__Exercise aim__
Starting at the line with "From mathcomp Require Import all_boot", repeat every line exactly until the records end, including the last one.

__Extracted records__
(* Consider, under stochastic mass-action kinetics, the reaction networks W3: $S_1\underset{\beta}{\overset{\alpha}{\rightleftharpoons}}S_2$, $2S_1\underset{\lambda_2}{\overset{\lambda_1}{\rightleftharpoons}}2S_2$, and W4: $2S_1\underset{\lambda_5}{\overset{\lambda_3}{\rightleftharpoons}}S_1+S_2$, $2S_1\underset{\lambda_2}{\overset{\lambda_1}{\rightleftharpoons}}2S_2$. For each of them and every positive rate vector $\kappa$, $(\mathcal{G},\kappa)$ has product-form stationary distribution if and only if $(\mathcal{G},\kappa)$ is complex balanced.
   Context: Stochastic mass-action kinetics: reaction $\nu\to\nu'$ with rate $\kappa$ moves state $x\in\mathbb{Z}^2_{\ge0}$ to $x+\nu'-\nu$ with intensity $\kappa\frac{x!}{(x-\nu)!}\mathbf{1}_{x\ge\nu}$, $z!=z_1!z_2!$. $(\mathcal{G},\kappa)$ has product-form stationary distribution if there are $f_1,f_2:\mathbb{Z}_{\ge0}\to\mathbb{R}_{>0}$ such that on every positive recurrent irreducible component $\Gamma$ (nonempty set closed under reachability with every state reachable from every other) the stationary distribution is $\pi_\Gamma(x)=Z_\Gamma^{-1}f_1(x_1)f_2(x_2)$. $(\mathcal{G},\kappa)$ is complex balanced if there is $c\in\mathbb{R}^2_{>0}$ such that for every complex $\eta$, $\sum_{\nu\to\eta}\kappa_{\nu\to\eta}c^\nu=\sum_{\eta\to\nu'}\kappa_{\eta\to\nu'}c^\eta$. *)

From HB Require Import structures.
From mathcomp Require Import all_boot all_order all_algebra.
From mathcomp Require Import reals.
From Stdlib Require Import Relation_Operators.
Set Implicit Arguments. Unset Strict Implicit. Unset Printing Implicit Defensive.
Import Order.TTheory GRing.Theory Num.Theory.
Local Open Scope ring_scope.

__Answer to this exercise__
From mathcomp Require Import all_boot all_order all_algebra.
From mathcomp Require Import reals.
From Stdlib Require Import Relation_Operators.
Set Implicit Arguments. Unset Strict Implicit. Unset Printing Implicit Defensive.
Import Order.TTheory GRing.Theory Num.Theory.
Local Open Scope ring_scope.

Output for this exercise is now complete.